This past week, hundreds of people were arrested on an ongoing basis in the Capitol for acts of civil disobedience against a single party’s platform. Jennifer Flynn Walker told me that it had not been hard to get people to come to the Capitol, and she pointed out how many kinds of people were involved. “People just show up, and they really are people,” she said. “Look at the differences in the ways that people dress. They’re not from the same band or clique, it’s not all young people, it’s not all old people, it’s not all women, although it’s mostly women, but it’s not all women. It’s not, you know . . . it’s people who are middle-aged, it’s young people, but it’s not all young people.” Kavanaugh’s success, despite such resistance, she said, had “broken something inside of us. We actually can’t believe that we have to fight this hard.”

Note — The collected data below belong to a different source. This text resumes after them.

Lemma shock_range (x : R) : up <= u x <= um.
Proof.
  destruct u_shock as [_ [_ [Hm [Hp _]]]].
  exact (decreasing_between_lims u um up shock_decreasing Hm Hp x).
Qed.

Lemma shock_gap_lim : is_lim Q m_infty 0 /\ is_lim Q p_infty 0.
Proof.
  destruct u_shock as [_ [_ [Hm [Hp _]]]]. split.
  - replace (Finite 0) with (Finite ((um - um) * (um - up))) by (f_equal; ring).
    exact (is_lim_gap_product u m_infty um up um Hm).
  - replace (Finite 0) with (Finite ((um - up) * (up - up))) by (f_equal; ring).
    exact (is_lim_gap_product u p_infty um up up Hp).
Qed.

Lemma shock_first_integral (x : R) :
  delta * Derive (Derive u) x = eps * Derive u x + Q x / 2.
Proof.
  destruct u_shock as [_ [_ [_ [_ [_ Hd1p]]]]].
  set (Phi := fun y => delta * Derive (Derive u) y - eps * Derive u y - Q y / 2).
  assert (HPhi : forall t, is_derive Phi t 0).
  { intro t. unfold Phi, Q. auto_derive.
    - repeat split;
        first [exact (shock_ex_derive 0 t) | exact (shock_ex_derive 1 t) | exact (shock_ex_derive 2 t)].
    - change (fun y => Derive (Derive u) y) with (Derive (Derive u)).
      change (fun y => Derive u y) with (Derive u).
      change (fun y => u y) with u.
      pose proof (shock_ode t). lra. }
  set (K := Phi 0).
  assert (HK : forall y, (eps * Derive u y + Q y / 2 + K) / delta = Derive (Derive u) y).
  { intro y. unfold K. rewrite <- (is_derive_0_const Phi y 0 HPhi). unfold Phi. field. lra. }
  assert (Hlim : is_lim (Derive (Derive u)) p_infty ((eps * 0 + 0 / 2 + K) / delta)).
  { apply (is_lim_ext _ _ _ _ HK), (is_lim_scal_r _ (/ delta) _ (eps * 0 + 0 / 2 + K)).
    apply is_lim_plus'; [apply is_lim_plus'|].
    - apply (is_lim_scal_l _ eps _ 0), Hd1p.
    - apply (is_lim_scal_r _ (/ 2) _ 0), shock_gap_lim.
    - apply is_lim_const. }
  assert (HK0 : K = 0).
  { pose proof (is_lim_Derive_p_infty_0 (Derive u) 0 _ (shock_ex_derive 1) Hd1p Hlim) as H.
    replace K with ((eps * 0 + 0 / 2 + K) / delta * delta) by (field; lra).
    rewrite H. ring. }
  rewrite <- HK, HK0. field. lra.
Qed.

But maybe Collins is right. Polls show little support for Kavanaugh, but polls are often wrong. Maybe the center is represented by the much smaller group of pro-Kavanaugh demonstrators, or by Republican legislators from swing states, like Collins herself. After Collins declared her support for Kavanaugh, organizers from Women’s March, the Center for Popular Democracy Action, and NARAL Pro-Choice America gathered on the steps of the Supreme Court for a press conference, where the Women’s March co-presidents, Tamika Mallory and Bob Bland, raised the spectre of the fifty-three per cent of white women voters who cast ballots for Donald Trump in the 2016 election; it only reinforced the importance of encouraging women voters in November, they said. Until then, one cannot really know. Does Collins represent the mainstream of public opinion? Or does the center look like something else?